Restrict the output to the lines below starting at the one that contains "if x.1 == t" and ending at the one that contains "Lemma expsum_cat t", and restate them word for word, both ends included.

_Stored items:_
'''

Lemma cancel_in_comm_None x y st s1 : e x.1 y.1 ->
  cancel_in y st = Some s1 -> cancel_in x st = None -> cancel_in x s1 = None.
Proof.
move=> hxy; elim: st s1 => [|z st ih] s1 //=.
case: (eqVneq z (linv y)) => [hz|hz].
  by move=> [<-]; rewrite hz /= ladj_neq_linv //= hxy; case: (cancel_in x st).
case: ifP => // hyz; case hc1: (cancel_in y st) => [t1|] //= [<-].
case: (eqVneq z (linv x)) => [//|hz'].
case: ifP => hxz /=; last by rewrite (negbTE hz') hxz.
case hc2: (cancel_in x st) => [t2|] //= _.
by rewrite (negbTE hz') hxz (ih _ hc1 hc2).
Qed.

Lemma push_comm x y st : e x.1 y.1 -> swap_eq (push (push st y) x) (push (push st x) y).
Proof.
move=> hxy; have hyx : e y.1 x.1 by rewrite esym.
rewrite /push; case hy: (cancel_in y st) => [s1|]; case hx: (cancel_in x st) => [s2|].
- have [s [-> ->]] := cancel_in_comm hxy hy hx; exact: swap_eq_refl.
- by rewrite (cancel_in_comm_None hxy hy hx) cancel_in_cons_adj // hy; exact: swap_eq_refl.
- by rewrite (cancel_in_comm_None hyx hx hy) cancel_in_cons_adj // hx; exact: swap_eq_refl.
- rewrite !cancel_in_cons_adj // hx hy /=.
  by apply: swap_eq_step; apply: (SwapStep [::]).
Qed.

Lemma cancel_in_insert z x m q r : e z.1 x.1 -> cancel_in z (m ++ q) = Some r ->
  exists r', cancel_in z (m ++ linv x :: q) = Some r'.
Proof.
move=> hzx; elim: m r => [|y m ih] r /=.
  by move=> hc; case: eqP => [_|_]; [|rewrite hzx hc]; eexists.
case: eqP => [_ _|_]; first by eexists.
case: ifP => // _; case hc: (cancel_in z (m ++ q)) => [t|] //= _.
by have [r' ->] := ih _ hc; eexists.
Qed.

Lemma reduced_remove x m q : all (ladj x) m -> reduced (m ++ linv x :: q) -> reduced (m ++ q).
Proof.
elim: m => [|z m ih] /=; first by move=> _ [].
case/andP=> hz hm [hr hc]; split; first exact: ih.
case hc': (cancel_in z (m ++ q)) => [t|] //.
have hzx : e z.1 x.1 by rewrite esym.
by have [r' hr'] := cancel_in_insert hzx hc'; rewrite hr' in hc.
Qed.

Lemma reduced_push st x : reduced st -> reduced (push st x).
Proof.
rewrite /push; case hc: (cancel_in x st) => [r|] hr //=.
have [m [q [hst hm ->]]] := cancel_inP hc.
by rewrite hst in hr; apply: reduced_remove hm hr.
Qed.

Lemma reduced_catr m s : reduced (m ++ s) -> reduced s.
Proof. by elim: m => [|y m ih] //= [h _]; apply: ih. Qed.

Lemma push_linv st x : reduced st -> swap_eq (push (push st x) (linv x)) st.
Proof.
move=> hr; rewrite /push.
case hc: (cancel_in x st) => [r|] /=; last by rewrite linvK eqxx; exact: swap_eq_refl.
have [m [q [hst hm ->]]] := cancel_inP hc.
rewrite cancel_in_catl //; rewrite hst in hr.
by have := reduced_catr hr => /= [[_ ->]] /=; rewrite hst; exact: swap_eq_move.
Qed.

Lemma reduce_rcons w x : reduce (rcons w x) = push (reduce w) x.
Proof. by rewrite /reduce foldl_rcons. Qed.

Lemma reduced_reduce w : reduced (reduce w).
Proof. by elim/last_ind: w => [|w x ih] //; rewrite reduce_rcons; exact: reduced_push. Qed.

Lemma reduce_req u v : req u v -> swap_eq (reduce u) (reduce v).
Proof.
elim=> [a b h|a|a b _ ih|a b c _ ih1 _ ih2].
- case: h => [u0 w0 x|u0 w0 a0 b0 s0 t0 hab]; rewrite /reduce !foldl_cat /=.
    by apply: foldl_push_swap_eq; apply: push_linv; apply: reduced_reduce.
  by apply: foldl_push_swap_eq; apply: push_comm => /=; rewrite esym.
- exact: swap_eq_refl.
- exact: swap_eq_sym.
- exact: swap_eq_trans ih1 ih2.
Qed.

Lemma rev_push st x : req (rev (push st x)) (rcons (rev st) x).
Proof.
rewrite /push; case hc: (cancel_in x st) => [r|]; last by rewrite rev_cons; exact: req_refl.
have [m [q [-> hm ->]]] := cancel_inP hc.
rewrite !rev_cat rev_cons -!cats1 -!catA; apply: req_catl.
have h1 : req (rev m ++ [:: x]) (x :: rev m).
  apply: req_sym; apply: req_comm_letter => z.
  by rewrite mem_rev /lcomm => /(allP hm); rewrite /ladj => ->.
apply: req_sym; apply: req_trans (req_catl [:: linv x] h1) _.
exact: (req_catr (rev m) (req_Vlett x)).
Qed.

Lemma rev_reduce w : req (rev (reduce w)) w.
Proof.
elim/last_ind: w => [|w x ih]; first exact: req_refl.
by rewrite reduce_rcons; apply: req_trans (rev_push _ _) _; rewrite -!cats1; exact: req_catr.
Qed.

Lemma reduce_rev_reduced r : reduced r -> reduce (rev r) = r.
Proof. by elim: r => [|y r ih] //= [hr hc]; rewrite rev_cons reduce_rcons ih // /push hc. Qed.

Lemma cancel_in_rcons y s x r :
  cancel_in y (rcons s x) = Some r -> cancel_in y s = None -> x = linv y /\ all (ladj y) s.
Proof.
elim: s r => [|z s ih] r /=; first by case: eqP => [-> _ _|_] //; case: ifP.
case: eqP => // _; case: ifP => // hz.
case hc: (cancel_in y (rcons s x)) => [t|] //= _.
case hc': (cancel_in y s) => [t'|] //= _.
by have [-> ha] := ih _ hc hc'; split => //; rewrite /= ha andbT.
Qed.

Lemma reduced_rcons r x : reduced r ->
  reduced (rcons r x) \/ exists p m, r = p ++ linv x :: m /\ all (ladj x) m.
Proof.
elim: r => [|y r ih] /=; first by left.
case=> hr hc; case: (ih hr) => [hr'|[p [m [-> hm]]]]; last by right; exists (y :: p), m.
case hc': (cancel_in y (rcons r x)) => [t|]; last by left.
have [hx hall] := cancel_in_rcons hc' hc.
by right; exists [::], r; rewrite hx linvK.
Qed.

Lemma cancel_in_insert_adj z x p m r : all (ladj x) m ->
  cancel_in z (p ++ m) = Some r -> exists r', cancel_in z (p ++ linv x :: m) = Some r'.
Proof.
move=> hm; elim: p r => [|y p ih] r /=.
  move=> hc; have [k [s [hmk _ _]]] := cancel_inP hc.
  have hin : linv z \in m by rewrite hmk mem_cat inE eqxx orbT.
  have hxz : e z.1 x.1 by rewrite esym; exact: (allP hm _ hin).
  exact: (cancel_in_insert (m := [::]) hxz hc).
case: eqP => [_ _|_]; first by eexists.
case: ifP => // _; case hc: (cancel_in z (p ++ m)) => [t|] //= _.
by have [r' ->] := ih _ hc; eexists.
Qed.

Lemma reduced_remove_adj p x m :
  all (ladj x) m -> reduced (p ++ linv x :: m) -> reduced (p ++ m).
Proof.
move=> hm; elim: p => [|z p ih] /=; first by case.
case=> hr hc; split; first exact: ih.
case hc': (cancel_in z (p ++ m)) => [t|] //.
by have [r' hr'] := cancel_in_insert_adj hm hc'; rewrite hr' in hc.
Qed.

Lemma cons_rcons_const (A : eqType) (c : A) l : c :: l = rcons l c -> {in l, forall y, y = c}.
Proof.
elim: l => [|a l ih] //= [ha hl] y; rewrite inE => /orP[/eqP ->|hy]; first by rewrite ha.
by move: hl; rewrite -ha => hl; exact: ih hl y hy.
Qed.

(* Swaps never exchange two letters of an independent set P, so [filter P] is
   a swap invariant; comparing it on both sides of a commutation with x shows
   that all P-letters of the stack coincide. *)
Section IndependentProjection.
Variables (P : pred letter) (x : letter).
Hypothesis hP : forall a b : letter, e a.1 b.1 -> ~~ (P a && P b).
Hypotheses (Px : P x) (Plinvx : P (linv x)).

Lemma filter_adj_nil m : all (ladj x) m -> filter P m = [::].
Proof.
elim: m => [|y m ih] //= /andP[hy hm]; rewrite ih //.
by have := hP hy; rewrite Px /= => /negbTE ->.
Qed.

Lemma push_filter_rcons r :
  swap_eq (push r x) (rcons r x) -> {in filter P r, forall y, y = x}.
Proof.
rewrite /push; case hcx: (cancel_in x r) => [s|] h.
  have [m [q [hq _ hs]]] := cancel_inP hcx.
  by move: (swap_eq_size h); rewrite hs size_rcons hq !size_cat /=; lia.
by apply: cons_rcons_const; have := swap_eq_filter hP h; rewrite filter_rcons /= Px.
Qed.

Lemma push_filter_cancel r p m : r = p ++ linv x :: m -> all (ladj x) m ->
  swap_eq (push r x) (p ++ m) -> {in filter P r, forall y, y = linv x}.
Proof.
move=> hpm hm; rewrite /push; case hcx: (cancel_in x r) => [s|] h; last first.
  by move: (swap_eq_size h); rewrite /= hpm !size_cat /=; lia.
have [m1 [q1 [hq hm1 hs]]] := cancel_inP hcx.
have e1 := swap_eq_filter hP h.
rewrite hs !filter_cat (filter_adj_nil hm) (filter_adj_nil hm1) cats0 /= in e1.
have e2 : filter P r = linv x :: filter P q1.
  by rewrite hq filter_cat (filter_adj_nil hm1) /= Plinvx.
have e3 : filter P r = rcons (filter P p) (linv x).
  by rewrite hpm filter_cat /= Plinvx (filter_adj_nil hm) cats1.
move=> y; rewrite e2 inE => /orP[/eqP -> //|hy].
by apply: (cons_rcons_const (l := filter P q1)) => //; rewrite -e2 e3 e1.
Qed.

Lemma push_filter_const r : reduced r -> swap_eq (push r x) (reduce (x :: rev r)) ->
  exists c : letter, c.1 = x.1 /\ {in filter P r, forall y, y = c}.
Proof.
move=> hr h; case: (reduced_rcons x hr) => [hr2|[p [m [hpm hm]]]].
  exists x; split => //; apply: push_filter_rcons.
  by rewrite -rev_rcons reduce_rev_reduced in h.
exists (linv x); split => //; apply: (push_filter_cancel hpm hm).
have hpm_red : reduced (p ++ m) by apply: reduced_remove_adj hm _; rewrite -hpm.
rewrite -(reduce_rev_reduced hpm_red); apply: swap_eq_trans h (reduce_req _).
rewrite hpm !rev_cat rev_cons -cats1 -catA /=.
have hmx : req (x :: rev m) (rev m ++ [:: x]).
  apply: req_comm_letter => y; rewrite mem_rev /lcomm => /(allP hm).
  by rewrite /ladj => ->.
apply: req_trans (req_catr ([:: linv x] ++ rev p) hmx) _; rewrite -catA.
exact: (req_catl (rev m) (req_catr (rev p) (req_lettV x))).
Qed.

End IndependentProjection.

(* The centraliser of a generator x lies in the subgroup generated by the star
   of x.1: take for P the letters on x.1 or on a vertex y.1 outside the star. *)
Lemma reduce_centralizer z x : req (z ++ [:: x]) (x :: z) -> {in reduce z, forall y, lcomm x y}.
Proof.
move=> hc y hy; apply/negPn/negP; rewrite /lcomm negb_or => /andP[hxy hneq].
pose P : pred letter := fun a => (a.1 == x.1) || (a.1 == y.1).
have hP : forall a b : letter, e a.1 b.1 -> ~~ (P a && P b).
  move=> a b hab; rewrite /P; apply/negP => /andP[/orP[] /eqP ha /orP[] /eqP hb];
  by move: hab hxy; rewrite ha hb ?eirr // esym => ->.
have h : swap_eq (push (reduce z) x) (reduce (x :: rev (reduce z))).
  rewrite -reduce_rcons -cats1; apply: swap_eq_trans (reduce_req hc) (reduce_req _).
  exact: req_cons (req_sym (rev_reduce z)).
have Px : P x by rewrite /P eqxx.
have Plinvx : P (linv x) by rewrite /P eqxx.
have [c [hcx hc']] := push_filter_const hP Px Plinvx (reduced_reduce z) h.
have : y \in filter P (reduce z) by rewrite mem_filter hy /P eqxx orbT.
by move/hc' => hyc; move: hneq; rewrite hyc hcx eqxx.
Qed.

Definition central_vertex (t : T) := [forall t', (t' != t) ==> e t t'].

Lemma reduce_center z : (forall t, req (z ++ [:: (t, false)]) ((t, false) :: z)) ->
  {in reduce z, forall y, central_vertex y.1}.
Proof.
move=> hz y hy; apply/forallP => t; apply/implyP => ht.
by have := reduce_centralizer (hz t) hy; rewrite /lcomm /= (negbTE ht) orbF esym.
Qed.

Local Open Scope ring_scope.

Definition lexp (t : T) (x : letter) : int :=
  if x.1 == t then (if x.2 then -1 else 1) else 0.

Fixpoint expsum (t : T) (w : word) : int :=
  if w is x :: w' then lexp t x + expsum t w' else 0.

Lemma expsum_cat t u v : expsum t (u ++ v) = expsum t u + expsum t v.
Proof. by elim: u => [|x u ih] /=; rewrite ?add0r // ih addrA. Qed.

'''

_Exercise response:_
  if x.1 == t then (if x.2 then -1 else 1) else 0.

Fixpoint expsum (t : T) (w : word) : int :=
  if w is x :: w' then lexp t x + expsum t w' else 0.

Lemma expsum_cat t u v : expsum t (u ++ v) = expsum t u + expsum t v.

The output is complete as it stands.